А город давным-давно, если не всегда, не был христианским. Как нигде, здесь кишела нечисть; люди в большинстве своем хранили покорную, дремотную верность пионерским и комсомольским положениям атеизма, — и получалось, что священник ошибся, зря старался, проиграл...
— Господи, господи, дай мне силы, вразуми и обнадежь, и наставь на путь истинный, — шептал престарелый отец Димитрий, истерзанный, больной, похмельный, лежа на цветочной клумбе; цветы угрожающе раскачивали свои мохнатые сочные стебли, закрывая бутонами от него темное безгласное небо.
И тогда он расслышал этот стук.
Звук доносился со всех сторон: приглушенный, однообразный, будто бы тысячекрылая стая дятлов уселась на деревья и принялась зачищать дырки в коре; или это был звук каких-то колебаний, резонанс, — потому что старик ощутил, как мелко затряслась под ним горячая почва. Он посмотрел на куст хризантемы: покачивались темные изрезанные листья и тяжелые соцветья желтых и бордовых лепестков. Пар валил от земли все гуще, сквер словно провалился в густой туман; но больше всего старика пугал стук.
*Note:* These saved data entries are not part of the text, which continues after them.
Lemma ins_catl j u u' v : j <= wrk u -> ins j (u ++ u') v = ins j u v ++ u'.
Proof.
elim: u j => [|[a|] u IHu] j /=; first by case: j => // _; rewrite ins0.
  by move=> ?; rewrite IHu.
by case: eqP => [_ _|_ ?]; rewrite ?catA // IHu //; lia.
Qed.

Lemma ins_catr j u u' v : wrk u < j -> ins j (u ++ u') v = u ++ ins (j - wrk u) u' v.
Proof.
elim: u j => [|[a|] u IHu] j /=; first by rewrite subn0.
  by move=> ?; rewrite IHu.
case: j => [|[|j]] //= lt_j; rewrite IHu //; lia.
Qed.

(* [fill u os] replaces the successive separators of [u] by the words of [os];
   a [None] entry, or exhaustion of [os], leaves the separator in place. *)
Fixpoint fill u (os : seq (option word)) : word :=
  match u with
  | [::] => [::]
  | Some a :: u' => Some a :: fill u' os
  | None :: u' =>
    match os with
    | [::] => None :: fill u' [::]
    | o :: os' => (if o is Some v then v else [:: None]) ++ fill u' os'
    end
  end.

Lemma fill_nil u : fill u [::] = u.
Proof. by elim: u => [|[a|] u /= ->]. Qed.

Lemma fill_nseq_None n u : fill u (nseq n None) = u.
Proof.
elim: u n => [|[a|] u IHu] n //=; first by rewrite IHu.
by case: n => [|n] /=; rewrite ?fill_nil ?IHu.
Qed.

Lemma fill_sep_word n u : fill u (map Some (nseq n [:: None])) = u.
Proof.
elim: u n => [|[a|] u IHu] n //=; first by rewrite IHu.
by case: n => [|n] /=; rewrite ?fill_nil ?IHu.
Qed.

Lemma ins_fill_nseq_None n u v os : n < wrk u ->
  ins n.+1 (fill u (nseq n.+1 None ++ os)) v = fill u (nseq n None ++ Some v :: os).
Proof.
elim: u n => [|[a|] u IHu] n //=; first by move=> ?; rewrite IHu.
case: n => [|n] //= lt_n; rewrite IHu /wrk //=; lia.
Qed.

Lemma fill_cat_wrk0 v u os : wrk v = 0 -> fill (v ++ u) os = v ++ fill u os.
Proof. by elim: v => [|[a|] v IHv] //= ?; rewrite IHv. Qed.
Lemma ep_kron_mulmx : ep (kron u1 u2 *m U *m kron v1 v2) = ep U.
Proof.
rewrite /ep Ent_kron_mulmx // -mulmxA kron_mulmx_swap !mulmxA -(mulmxA _ U).
by rewrite Ent_kron_mulmx.
Qed.

End LocalUnitaries.

Unset Implicit Arguments.
Set Strict Implicit.

Theorem mainTheorem3 (C : numClosedFieldType) (q : nat) (hq : (2 <= q)%N)
  (U : 'M[C]_(q * q)) (hU : dual_unitary U) :
  (forall (plus : bool) (s : seq C),
     nontrivial_eigs (Mchan plus U) s ->
     sorted (fun x y => `|y| <= `|x|) s ->
     [/\ \sum_(x <- s) `|x| ^+ 2 <= (q ^ 2 - 1)%:R * (1 - ep U),
         (forall k : nat, (1 <= k <= q ^ 2 - 1)%N ->
            `|s`_(k.-1)| <= sqrtC (1 - ep U) * sqrtC (q ^ 2 - 1)%:R / sqrtC k%:R),
         `|s`_(q ^ 2 - 2)| <= sqrtC (1 - ep U),
         `|s`_0| <= sqrtC (1 - ep U) * sqrtC (q ^ 2 - 1)%:R
       & (forall k : nat, (1 <= k <= q ^ 2 - 1)%N ->
            1 - k%:R / (q ^ 2 - 1)%:R < ep U ->
            forall j : nat, (k <= j <= q ^ 2 - 1)%N -> `|s`_(j.-1)| < 1)]) /\
  ((q ^ 2 - 2)%:R / (q ^ 2 - 1)%:R < ep U ->
   forall u1 u2 v1 v2 : 'M[C]_q,
     unitary u1 -> unitary u2 -> unitary v1 -> unitary v2 ->
     forall (plus : bool) (s : seq C),
       nontrivial_eigs (Mchan plus (kron u1 u2 *m U *m kron v1 v2)) s ->
       forall x, x \in s -> `|x| < 1).
Proof.
have N_gt0 : (0 < q ^ 2 - 1)%N by rewrite subn_gt0 -mulnn (leq_trans _ (leq_mul hq hq)).
split=> [plus s eigs s_sorted | ep_gt u1 u2 v1 v2 uu1 uu2 uv1 uv2 plus s eigs].
  have sum_le := sum_nontrivial_eigs_le_ep hq hU eigs.
  have size_s := size_nontrivial_eigs (ltnW hq) eigs.
  have norm_le := sorted_norm_le N_gt0 sum_le size_s s_sorted.
  split=> //; last exact: sorted_norm_lt1 N_gt0 sum_le size_s s_sorted.
  - have := norm_le (q ^ 2 - 1)%N; rewrite N_gt0 leqnn -subn1 -subnDA mulfK; first by apply.
    by rewrite sqrtC_eq0 pnatr_eq0 -lt0n.
  - by have := norm_le 1%N; rewrite N_gt0 sqrtC1 divr1; apply.
have duU' := dual_unitary_kron_mulmx uu1 uu2 uv1 uv2 hU.
apply: norm_lt1_mem N_gt0 (sum_nontrivial_eigs_le_ep hq duU' eigs) _.
by rewrite ep_kron_mulmx // -subnDA.
Qed.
Стук становился отчетливей, громче, парной воздух хорошо разносил все оттенки шума: можно было различить, что это деревянный стук, как если бы щелкали барабанные палочки, или ломали сухую веточку. Да, стук стал сопровождаться треском.
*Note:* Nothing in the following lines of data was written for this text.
(* bipartite graph with sides A, B and edge relation E; a vertex b of B has
   infinitely many neighbours in C *)
Definition inf_nbrs (A B : Type) (E : A -> B -> Prop) (C : set A) (b : B) :=
  infinite_set [set a | C a /\ E a b].

From HB Require Import structures.
From mathcomp Require Import all_boot all_order all_algebra.
From mathcomp Require Import boolp classical_sets functions cardinality wochoice.
From Stdlib Require Import Wellfounded.

Set Implicit Arguments. Unset Strict Implicit. Unset Printing Implicit Defensive.
Local Open Scope classical_set_scope.
Local Open Scope card_scope.

(* Well-order A in type lambda.  Since cf(lambda) > omega, a countably
   infinite set of neighbours of b is bounded, so b has infinitely many
   neighbours below some x(b) < lambda.  If kappa many b have x(b) <= y, the
   segment below y and these b form the subgraph.  Otherwise every fibre
   {b | x(b) <= y} is small, so ordering B lexicographically by (x(b), b) is a
   well-order of type kappa along which x is cofinal in lambda; a minimal
   cofinal subset of either order then maps onto a cofinal subset of the
   other, so cf(kappa) = cf(lambda).
   Minimal cofinal subsets exist because, by collapsing, every subset of a
   well-order is either as large as the whole order or equinumerous with a
   proper initial segment. *)

Lemma card_le_injfun T U (u : U) (A : set T) (B : set U) : A #<= B ->
  exists f : T -> U, (forall t, A t -> B (f t)) /\ {in A &, injective f}.
Proof.
elim/Ppointed: U => U in u B *; first by case: (no u).
move/pcard_leP => -[f]; exists f.
by split; [move=> t At; apply: funS | exact: inj].
Qed.

Lemma injfun_card_le T U (A : set T) (B : set U) (f : T -> U) :
  (forall t, A t -> B (f t)) -> {in A &, injective f} -> A #<= B.
Proof.
move=> fAB f_inj; apply: (card_le_trans (B := f @` A)).
  by have /card_eqPle[] := card_esym (inj_card_eq f_inj).
by apply: subset_card_le => _ [t At <-]; apply: fAB.
Qed.

Definition min_cofinal (X : Type) (R : X -> X -> Prop) (S : set X) : Prop :=
  cofinal_in R S /\ forall S' : set X, cofinal_in R S' -> S #<= S'.

Section StrictWellorder.
Variables (X : Type) (R : X -> X -> Prop).
Hypothesis HR : strict_wellorder R.

Lemma strict_wo_wf : well_founded R. Proof. by case: HR. Qed.

Lemma strict_wo_trans x y z : R x y -> R y z -> R x z.
Proof. by case: HR => _ [+ _]; apply. Qed.

Lemma strict_wo_total x y : R x y \/ x = y \/ R y x.
Proof. by case: HR => _ [_]; apply. Qed.

Lemma strict_wo_irrefl x : ~ R x x.
Proof. by elim: (strict_wo_wf x) => y _ IH Ryy; apply: (IH y Ryy Ryy). Qed.

Lemma strict_wo_le_lt x y z : x = y \/ R x y -> R y z -> R x z.
Proof. by case=> [->//|]; apply: strict_wo_trans. Qed.

Lemma strict_wo_lt_le x y z : R x y -> y = z \/ R y z -> R x z.
Proof. by move=> Rxy [<-//|]; apply: strict_wo_trans. Qed.

Lemma strict_wo_min (P : set X) : (exists x, P x) ->
  exists m, P m /\ forall z, P z -> ~ R z m.
Proof.
move=> [x Px]; apply: contrapT => nomin; move: Px.
elim: (strict_wo_wf x) => {}x _ IH Px; apply: nomin; exists x.
by split=> // z Pz Rzx; apply: IH Rzx Pz.
Qed.

Definition least (P : set X) (d : X) : X :=
  if pselect (exists m, P m /\ forall z, P z -> ~ R z m) is left e
  then proj1_sig (cid e) else d.

Lemma leastP P d : (exists x, P x) ->
  P (least P d) /\ forall z, P z -> ~ R z (least P d).
Proof.
move=> /strict_wo_min ex; rewrite /least; case: pselect => // e.
exact: proj2_sig (cid e).
Qed.

Section Collapse.
Variable S : set X.

(* Mostowski collapse of [S] onto an initial segment of [X]. *)
Definition collapse_step (s : X) (rec : forall s', R s' s -> X) : X :=
  least [set z | ~ exists s' (p : R s' s), S s' /\ rec s' p = z] s.

Definition collapse : X -> X := Fix strict_wo_wf (fun _ => X) collapse_step.

Definition unused (s : X) : set X :=
  [set z | ~ exists s', R s' s /\ S s' /\ collapse s' = z].

Lemma collapseE s : collapse s = least (unused s) s.
Proof.
rewrite /collapse Fix_eq /collapse_step; last first.
  move=> s' f g fg; congr least; apply/funext => z; apply/propext.
  by split=> H [t [p [St e]]]; apply: H; exists t, p; rewrite ?fg// -fg.
congr least; apply/funext => z; apply/propext.
by split=> H [t [p [St e]]]; apply: H; exists t; [exists p | ].
Qed.

Lemma collapse_least s : unused s s ->
  unused s (collapse s) /\ forall z, unused s z -> ~ R z (collapse s).
Proof. by move=> Us; rewrite collapseE; apply: leastP; exists s. Qed.

Lemma unused_self s : S s -> unused s s.
Proof.
elim: (strict_wo_wf s) => {}s _ IH Ss [t [Rts [St ets]]].
have Utt := IH t Rts St.
have [_ tmin] := collapse_least Utt.
by rewrite ets in tmin; apply: tmin Utt Rts.
Qed.

Lemma collapse_new s t : S s -> R t s -> S t -> collapse t <> collapse s.
Proof.
move=> Ss Rts St e; have [Ucs _] := collapse_least (unused_self Ss).
by apply: Ucs; exists t.
Qed.

Lemma collapse_inj : {in S &, injective collapse}.
Proof.
move=> s t; rewrite !in_setE => Ss St e.
have [Rst|[//|Rts]] := strict_wo_total s t.
  by case: (collapse_new St Rst Ss).
by case: (collapse_new Ss Rts St).
Qed.

Lemma collapse_down s z : S s -> R z (collapse s) -> (collapse @` S) z.
Proof.
move=> Ss Rz; have [_ csmin] := collapse_least (unused_self Ss).
apply: contrapT => notim; apply: (csmin z) => // -[t [_ [St ctz]]].
by apply: notim; exists t.
Qed.

End Collapse.

Lemma subset_card_segment (S : set X) :
  [set: X] #<= S \/ exists y, S #= [set z | R z y].
Proof.
have imS : collapse S @` S #= S := inj_card_eq (@collapse_inj S).
have [[y ny]|onto] := pselect (exists y, ~ (collapse S @` S) y); last first.
  left; rewrite -(card_le_eqr imS).
  by apply: subset_card_le => y _; apply: contrapT => ny; apply: onto; exists y.
have [y0 [ny0 y0min]] :=
  strict_wo_min (P := ~` (collapse S @` S)) (ex_intro _ y ny).
right; exists y0; rewrite -(card_eql imS).
suff -> : collapse S @` S = [set z | R z y0] by apply: card_eqxx.
apply/seteqP; split=> z; last first.
  by move=> /= Rz; apply: contrapT => nz; apply: y0min nz Rz.
move=> [s Ss <-]; have [//|[ey0|Ry0]] := strict_wo_total (collapse S s) y0.
  by rewrite -ey0 in ny0; case: ny0; exists s.
by case: ny0; apply: collapse_down Ss Ry0.
Qed.

Lemma exists_min_cofinal : exists S, min_cofinal R S.
Proof.
pose fits y := exists S : set X, cofinal_in R S /\ S #<= [set z | R z y].
have [[y1 fy1]|nofit] := pselect (exists y, fits y); last first.
  exists [set: X]; split=> [x|S cofS]; first by exists x; split=> //; left.
  case: (subset_card_segment S) => // -[y Sy]; case: nofit; exists y, S.
  by split=> //; have /card_eqPle[] := Sy.
have [y0 [[S0 [cofS0 S0y0]] y0min]] :=
  strict_wo_min (P := fits) (ex_intro _ y1 fy1).
exists S0; split=> // S cofS.
case: (subset_card_segment S) => [XS|[y Sy]].
  exact: card_le_trans (card_leT _) XS.
have nRyy0 : ~ R y y0.
  by apply: y0min; exists S; split=> //; have /card_eqPle[] := Sy.
apply: (card_le_trans S0y0); rewrite (card_le_eqr Sy).
apply: subset_card_le => z /= Rzy0.
have [Ry0y|[<-//|Ryy0]] := strict_wo_total y0 y.
  exact: strict_wo_trans Rzy0 Ry0y.
by case: nRyy0.
Qed.

Lemma min_cofinal_countable_bounded S : min_cofinal R S -> ~ countable S ->
  forall N : set X, countable N -> exists y, forall a, N a -> R a y.
Proof.
move=> [_ Smin] Sunc N cN; apply: contrapT => unbdd.
apply/Sunc/(card_le_trans _ cN)/Smin => y; apply: contrapT => noN.
apply: unbdd; exists y => a Na; case: (strict_wo_total a y) => [//|[ay|Rya]].
  by case: noN; exists a; split=> //; left.
by case: noN; exists a; split=> //; right.
Qed.

End StrictWellorder.

Lemma infinite_bounded_subset X (R : X -> X -> Prop) (N : set X) :
  (forall M : set X, countable M -> exists y, forall a, M a -> R a y) ->
  infinite_set N -> exists y, infinite_set [set a | R a y /\ N a].
Proof.
move=> bounded Ninf; have [a0 _] := infinite_setN0 Ninf.
have [f [fN f_inj]] := card_le_injfun a0 (iffLR (infiniteP N) Ninf).
have [y fy] := bounded (f @` setT) (card_image_le f setT).
exists y; apply/infiniteP/(injfun_card_le (f := f)) => // n _.
by split; [apply: fy; exists n | apply: fN].
Qed.

Definition lex_comap X Y (R : X -> X -> Prop) (W : Y -> Y -> Prop)
    (x : Y -> X) (b b' : Y) : Prop :=
  R (x b) (x b') \/ x b = x b' /\ W b b'.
Старик, все еще оберегая трепыхающееся сердце, плавно опустил голову к почве, чтобы послушать у самой земли: так было слышнее. Левой рукой он упирался в землю, немного впереди себя. Вдруг что-то несильно, но энергично тюкнулось ему в ладонь снизу. Он дернулся, потом нащупал и поднес к глазам обнаруженный предмет: это была деревяшка, цилиндрик длиной в пять-семь сантиметров, скорее всего — кусок палки или тросточки. Края деревяшки были расщеплены и измочалены, будто сперва ее сжали клыки или щипцы, а затем рвали ее целлюлозные волокна. Старик узнал то, что держал — кусок осинового кола, вбитого им в эту землю либо с истопником, либо с Егором.